Above is a circuit for "Approximate Quantum Cloning" The preparation state is given by $$|\psi\rangle =\alpha|0\rangle+\beta|1\rangle$$ The gates labelled $\theta_i$ denote single qubit rotations given by $$R_y(-2\theta_i)=\begin{bmatrix}\cos\theta_i&\sin\theta_i\\-\sin\theta_i&\cos\theta_i\end{bmatrix} $$ i.e Counterclockwise rotations of angle $-2\theta_i$ about the y-axis on Bloch Sphere.

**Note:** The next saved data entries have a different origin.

Lemma trig_poly_prod_linear (I : Type) (r : seq I) (m : I -> nat) (al be : I -> R) :
  trig_poly (\sum_(i <- r) m i)%N
    (fun t => \prod_(i <- r) (al i * cos t + be i * sin t) ^+ m i).
Proof.
elim: r => [|i r IH].
  by rewrite big_nil; apply: (eq_trig_poly trig_poly1) => t; rewrite big_nil.
rewrite big_cons; apply: (eq_trig_poly (trig_polyXMlinear (m i) (al i) (be i) IH)) => t.
by rewrite big_cons.
Qed.

Lemma trig_poly_leq d d' q : (d <= d')%N -> trig_poly d q -> trig_poly d' q.
Proof.
move=> dd'; elim=> [a b abd|q1 q2 _ h1 _ h2|c q0 _ hq].
- exact/trig_poly_monom/(leq_trans abd).
- exact: trig_polyD.
- exact: trig_polyZ.
Qed.

Lemma trig_poly_sum (I : Type) (r : seq I) (P : pred I) (qs : I -> R -> R) d :
  all P r -> (forall i, P i -> trig_poly d (qs i)) ->
  trig_poly d (fun t => \sum_(i <- r) qs i t).
Proof.
move=> Pr Pq; elim: r Pr => [_|i r IH /andP[Pi Pr]].
  by apply: (eq_trig_poly (trig_poly0 d)) => t; rewrite big_nil.
by apply: (eq_trig_poly (trig_polyD (Pq i Pi) (IH Pr))) => t; rewrite big_cons.
Qed.

End TrigPoly.

Section CosSinIntegrals.
Local Open Scope classical_set_scope.
Context {R : realType}.
Notation mu := (@lebesgue_measure R).
Variables (f : R -> R) (k : nat).
Hypotheses (cf : continuous f) (Sk : forall s, sin_moment f k s = 0).

Let continuous_cos_sin a b : continuous (fun u : R => cos u ^+ a * sin u ^+ b).
Proof.
move=> x; apply: cvgM; apply: continuous_exprn; [exact: continuous_cos|exact: continuous_sin].
Qed.

Let continuous_f_cos_sin a b : continuous (fun u => f u * (cos u ^+ a * sin u ^+ b)).
Proof. by move=> x; apply: cvgM; [exact: cf|exact: continuous_cos_sin]. Qed.

Lemma cos_sin_window_eq0 a b : (a + b <= k)%N -> odd (a + b) = odd k ->
  \int[mu]_(u in `[0, pi]) (f u * (cos u ^+ a * sin u ^+ b)) = 0.
Proof.
elim/ltn_ind: a b => -[|[|a]] IH b abk oab.
- rewrite -[RHS](sin_moment_eq0_parity cf Sk abk oab 0).
  by apply: eq_Rintegral => u _; rewrite add0r expr0 mul1r.
- have bk : (b < k)%N by [].
  have ob : odd b != odd k by rewrite -oab addSn add0n /=; case: (odd b).
  rewrite -[RHS](sin_cos_moment_eq0_parity cf Sk bk ob 0).
  by apply: eq_Rintegral => u _; rewrite add0r expr1 (mulrC (cos u)).
- have cos2 (u : R) : cos u ^+ a.+2 * sin u ^+ b =
      cos u ^+ a * sin u ^+ b - cos u ^+ a * sin u ^+ b.+2.
    have c2 : cos u ^+ 2 = 1 - sin u ^+ 2 by rewrite -(cos2Dsin2 u) addrK.
    by rewrite -[a.+2]addn2 -[b.+2]addn2 !exprD c2; ring.
  under eq_Rintegral do rewrite cos2 mulrBr.
  have oab' : odd (a + b) = odd k by rewrite -oab !addSn /= negbK.
  rewrite RintegralB //; try exact/continuous_integrable_itv/continuous_f_cos_sin.
  rewrite !IH ?subr0 ?addnS ?oab' //; lia.
Qed.

Lemma cos_sin_integral_eq0 a b : (a + b <= k)%N ->
  \int[mu]_(u in `[0, 2 * pi]) (cos u ^+ a * sin u ^+ b * f u) = 0.
Proof.
move=> abk; have cT : continuous (fun u => cos u ^+ a * sin u ^+ b * f u).
  by move=> x; apply: cvgM; [exact: continuous_cos_sin|exact: cf].
rewrite Rintegral_0_2pi //.
set T := \int[mu]_(u in `[0, pi]) _.
have -> : \int[mu]_(u in `[0, pi]) (cos (u + pi) ^+ a * sin (u + pi) ^+ b * f (u + pi)) =
    (-1) ^+ (a + b + k) * T.
  rewrite -RintegralZl //; last exact: continuous_integrable_itv.
  apply: eq_Rintegral => u _; rewrite cosDpi sinDpi (sin_moment_eq0_shift_pi cf Sk).
  by rewrite (exprNn (cos u)) (exprNn (sin u)) !exprD; ring.
have [oab|oab] := eqVneq (odd (a + b)) (odd k).
  rewrite [T](_ : _ = 0) ?mulr0 ?addr0 // -(cos_sin_window_eq0 abk oab).
  by apply: eq_Rintegral => u _; rewrite mulrC.
rewrite -signr_odd oddD; move: oab.
by case: (odd (a + b)); case: (odd k) => //= _; rewrite ?expr1 mulN1r subrr.
Qed.

Lemma trig_poly_integral_eq0 q : trig_poly k q ->
  \int[mu]_(t in `[0, 2 * pi]) (q t * f t) = 0.
Proof.
have intqf q' d : trig_poly d q' ->
    mu.-integrable `[0, 2 * pi] (EFin \o (fun t => q' t * f t)).
  move=> /trig_poly_continuous cq; apply: continuous_integrable_itv => x.
  by apply: cvgM; [exact: cq|exact: cf].
elim=> [a b abk|q1 q2 h1 i1 h2 i2|c q0 h iq].
- exact: cos_sin_integral_eq0.
- under eq_Rintegral do rewrite mulrDl.
  by rewrite RintegralD ?i1 ?i2 ?addr0 //; [exact: intqf h1|exact: intqf h2].
- under eq_Rintegral do rewrite -mulrA.
  by rewrite RintegralZl ?iq ?mulr0 //; exact: intqf h.
Qed.

End CosSinIntegrals.

Section Geodesics.
Context {R : realType} {n : nat}.
Implicit Types (x v y : 'rV[R]_n) (s t : R).

Lemma dotv_lin (a b c d : R) x v :
  dotv (a *: x + b *: v) (c *: x + d *: v) =
  a * c * dotv x x + (a * d + b * c) * dotv x v + b * d * dotv v v.
Proof.
rewrite /dotv !mxE !mulr_sumr -!big_split /=; apply: eq_bigr => i _.
by rewrite !mxE; ring.
Qed.

Lemma gc_shift x v s t : gc (gc x v s) (gc' x v s) t = gc x v (s + t).
Proof. by apply/rowP => i; rewrite !mxE cosD sinD; ring. Qed.

Lemma gc'_shift x v s t : gc' (gc x v s) (gc' x v s) t = gc' x v (s + t).
Proof. by apply/rowP => i; rewrite !mxE cosD sinD; ring. Qed.

Lemma unit_geod_shift x v s : unit_geod x v -> unit_geod (gc x v s) (gc' x v s).
Proof.
case=> xx vv xv; split; rewrite /gc /gc' dotv_lin xx vv xv; last by ring.
all: by rewrite -[RHS](cos2Dsin2 s); ring.
Qed.

Lemma tensE (F : 'rV[R]_n -> 'M[R]_n) y V :
  tens F y V = \sum_j (\sum_l V 0 l * F y l j) * V 0 j.
Proof.
rewrite /tens mxE; apply: eq_bigr => j _; rewrite !mxE.
by congr (_ * _); apply: eq_bigr => l _; rewrite mxE.
Qed.

Lemma continuous_tens_gc (F : 'rV[R]_n -> 'M[R]_n) x v :
  (forall i j, continuous (fun y => F y i j)) ->
  continuous (fun t => tens F (gc x v t) (gc' x v t)).
Proof.
move=> cF; have cgc : continuous (gc x v).
  by move=> t; apply: cvgD; apply: cvgZl; [exact: continuous_cos|exact: continuous_sin].
have cgc' l : continuous (fun t => gc' x v t 0 l).
  move=> t; rewrite /gc'; under eq_fun do rewrite !mxE.
  apply: cvgD; apply: cvgM; try exact: cvg_cst.
    by apply: cvgN; exact: continuous_sin.
  exact: continuous_cos.
under eq_fun do rewrite tensE.
apply: continuous_sumr => j t; apply: cvgM; last exact: cgc'.
apply: continuous_sumr => l {}t; apply: cvgM; first exact: cgc'.
exact: continuous_comp (cgc t) (cF l j (gc x v t)).
Qed.

Lemma Ik_gc_shift k (F : 'rV[R]_n -> 'M[R]_n) x v s :
  (forall i j, continuous (fun y => F y i j)) ->
  Ik k F (gc x v s) (gc' x v s) =
  (sin_moment (fun t => tens F (gc x v t) (gc' x v t)) k s)%:E.
Proof.
move=> cF; rewrite /Ik; under eq_integral do rewrite gc_shift gc'_shift.
rewrite continuous_integral_itvE //.
apply: (continuous_shiftM (f := fun t => tens F (gc x v t) (gc' x v t))).
  exact: continuous_tens_gc.
exact/continuous_exprn/continuous_sin.
Qed.

Lemma peval_gc (p : mpoly.mpoly n R) x v t :
  peval p (gc x v t) = \sum_(m <- mpoly.msupp p) mpoly.mcoeff m p *
    \prod_i (x 0 i * cos t + v 0 i * sin t) ^+ mpoly.fun_of_multinom m i.
Proof.
rewrite /peval mpoly.mevalE; apply: eq_bigr => m _; congr (_ * _).
by apply: eq_bigr => i _; rewrite !mxE (mulrC (cos t)) (mulrC (sin t)).
Qed.

Lemma trig_poly_peval_gc (p : mpoly.mpoly n R) k x v : pdeg_le p k ->
  trig_poly k (fun t => peval p (gc x v t)).
Proof.
move=> pk; pose q m t := mpoly.mcoeff m p *
  \prod_i (x 0 i * cos t + v 0 i * sin t) ^+ mpoly.fun_of_multinom m i.
have qk (m : mpoly.multinom n) : (mpoly.mdeg m <= k)%N -> trig_poly k (q m).
  move=> mk; apply/trig_polyZ/(trig_poly_leq _ (trig_poly_prod_linear _ _ _ _)).
  by rewrite -mpoly.mdegE.
by apply: (eq_trig_poly (trig_poly_sum pk qk)) => t; rewrite peval_gc.
Qed.

End Geodesics.

Theorem lemma3p2 (R : realType) (n k : nat) (F : 'rV[R]_n -> 'M[R]_n)
  (Fsym : forall y, (F y)^T = F y)
  (Fsmooth : forall i j, smooth (fun y => F y i j))
  (HI : forall x v : 'rV[R]_n, unit_geod x v -> Ik k F x v = 0%E) :
  (forall x v : 'rV[R]_n, unit_geod x v -> forall t : R,
     tens F (gc x v t) (gc' x v t)
     = (-1) ^+ k * tens F (gc x v (t + pi)) (gc' x v (t + pi)))
  /\
  (forall x v : 'rV[R]_n, unit_geod x v ->
   forall p : mpoly.mpoly n R, pdeg_le p k ->
     (\int[lebesgue_measure]_(t in `[0%R, (2 * pi : R)%R])
        (peval p (gc x v t) * tens F (gc x v t) (gc' x v t))%:E)%E = 0%E).
Proof.
have cF i j : continuous (fun y => F y i j) by case: (Fsmooth i j [::]).
have Sk x v : unit_geod x v ->
    forall s, sin_moment (fun t => tens F (gc x v t) (gc' x v t)) k s = 0.
  by move=> xv s; apply: EFin_inj; rewrite -Ik_gc_shift // HI //; exact: unit_geod_shift.
split=> x v xv; have cf := continuous_tens_gc (x := x) (v := v) cF.
  by move=> t; rewrite (sin_moment_eq0_shift_pi cf (Sk x v xv)) mulrA -expr2 sqrr_sign mul1r.
move=> p pk; have ppk := trig_poly_peval_gc x v pk.
have cq := trig_poly_continuous ppk.
rewrite continuous_integral_itvE; last by move=> t; apply: cvgM; [exact: cq|exact: cf].
by rewrite (trig_poly_integral_eq0 cf (Sk x v xv) ppk).
Qed.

Each gate rotation is given by:

$\cos2\theta_1 =\frac{1}{\sqrt5}$

$\cos2\theta_2 =\frac{\sqrt5}{3}$

$\cos2\theta_3 =\frac{2}{\sqrt5}$

Question: Show at the end of the preparation stage the two qubits initially in the state $|00\rangle$ are transformed into the state $$|\phi\rangle =\frac{1}{\sqrt6}(2|00\rangle+|01\rangle+|11\rangle) $$

I'm quite unsure of how to approach this, as it is my first time dealing with a circuit like this. Are the two $|0\rangle$ states said to be entangled, hence the double $|00\rangle$ notation, I thought of applying the rotations to each qubit individually, along with a $\hat C_x $gate operation?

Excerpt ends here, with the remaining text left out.